4 Energy Communities Carving A New Path In Europe

Eigg’s inhabitants have been generating almost 100% of their own electricity for an entire decade but you wouldn’t know it, all the electricity cables are buried underground so as to not harm the views this majestic landscape has to offer.

Prior to the project, the Eigg locals relied on expensive shipments of fossil fuels to be delivered from mainland Scotland. These days, their electricity supply is much cleaner. Eigg’s power supply now comes from three hydroelectric plants, four wind turbines and a network of solar panels. These are supported by a battery bank supplying up to 24 hours of electricity, ensuring steady supply throughout the day.

The project has led to significant cuts in residents’ energy bills and has inspired the commencement of other energy efficiency projects across the island.

A Co-Housing Community in Denmark

Near the city of Roskilde in Denmark lies Svalin, a sustainable co-housing community of 20 households. The community creates their own renewable energy through solar panels and geothermal heat pumps, which are showcased through their unique traffic light system with ‘red’ representing fossil fuel energy sources and ‘green’ representing renewable sources.

Right now, Svalin is energy positive, which means they produce more energy than they consume. The current framework means that any surplus renewable energy produced by households is transferred back to the national grid but residents want to change this. They envision a future where they can share the energy they produce with their neighbours.

I would love to directly provide my neighbors with the excess solar energy produced from my rooftop. If all doing that, the community may agree about how to compensate each other
Pierre-Elouan, Svalin resident

Svalin are at the beginning of their journey to becoming a fully fledged renewable energy community but represent the potential that communities have when they band together to democratise their energy production.

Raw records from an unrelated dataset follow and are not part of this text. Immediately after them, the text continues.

(* Let $d>2$ be even and let $H$ be a $d\times d$ complex Hadamard matrix. Let $H'$ be the dephased form of $H$. Suppose $H'$ has $m$ pairwise disjoint ER pairs of columns, where $1\le m<d/2$. Then $H$ belongs to an $m$-dimensional affine family: there exist $m$ linearly independent real $d\times d$ matrices $R_1,\dots,R_m$, each with zero first row and zero first column, such that $H'\circ\exp\!\big(i\sum_{k=1}^m \xi_k R_k\big)$ is a complex Hadamard matrix for every $(\xi_1,\dots,\xi_m)\in\mathbb{R}^m$.
   Context: A $d\times d$ complex Hadamard matrix is a matrix $H$ all of whose entries have modulus $1$ and whose columns are pairwise orthogonal (equivalently $HH^*=dI$). It is dephased if every entry of its first row and first column equals $1$; every complex Hadamard matrix $H$ can be written uniquely as $D_1H'D_2$ with $D_1,D_2$ diagonal unitary and $H'$ dephased, and $H'$ is called the dephased form of $H$. Two distinct columns $C_A,C_B$ of a complex Hadamard matrix form an ER (equivalent to real) pair if $\overline{(C_A)_j}(C_B)_j\in\{1,-1\}$ for every row index $j=0,\dots,d-1$. For matrices $A,B$ of equal size, $A\circ B$ is the entrywise (Hadamard) product and $\exp(iR)$ denotes the entrywise exponential $(\exp(iR))_{jk}=e^{iR_{jk}}$. *)

From HB Require Import structures.
From mathcomp Require Import all_boot all_order all_algebra.
From mathcomp Require Import complex.
From mathcomp Require Import reals trigo.
Set Implicit Arguments. Unset Strict Implicit. Unset Printing Implicit Defensive.
Import Order.TTheory GRing.Theory Num.Theory.
Local Open Scope ring_scope.
Local Open Scope complex_scope.

Definition expi (R : realType) (t : R) : R[i] := (cos t) +i* (sin t).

A Biomass Community in Finland

The community of Eno have taken a different approach to green energy which all started through the coordination of 12 local forest owners who decided to swap the traditional fossil fuels for a local resource that’s growing in abundance – wood. 

What began as a project to heat public buildings through local biomass has now grown to 55 forest owners, owning and operating three heating plants across an 11 kilometre network. Aside from the obvious reduction in fossil fuel consumption, the benefits to the local community are clear. Local forest owners are enjoying an income boost from the sale of energy wood, overly dense forests are thinned to improve the growth of the remaining trees, CO2 emissions are falling and new jobs are being created.

It’s estimated that the project provides the region with around €2 million in economic benefits each year. 

A Business Community in Belgium

Housing 40 businesses from across Brussels, Greenbizz.energy is a business incubator with a difference. 

Greenbizz.energy Brussels

Built from entirely sustainable materials, Greenbizz.energy is a new project that’s bringing its sustainability message to life in every way. Inside you’ll find beer brewers, coffee roasters, carpentry companies and more. Each business has a different background and comes from a different industry but is connected by its shared ethos – to create a greener world.

The Greenbizz.energy project is exemplary for many reasons. It’s the first project in Brussels that brings small companies together within a renewable energy community. It enables its members to benefit from locally produced solar energy.
Jean-Marc Bryskere, CEO of Greenbizz

Developed by WeSmart in partnership with Greenbizz, Citydev, CSTC and Siblega, Greenbizz.energy has reached a state where it generates more energy than it uses, giving its inhabitants the ultimate flexibility when it comes to their energy consumption.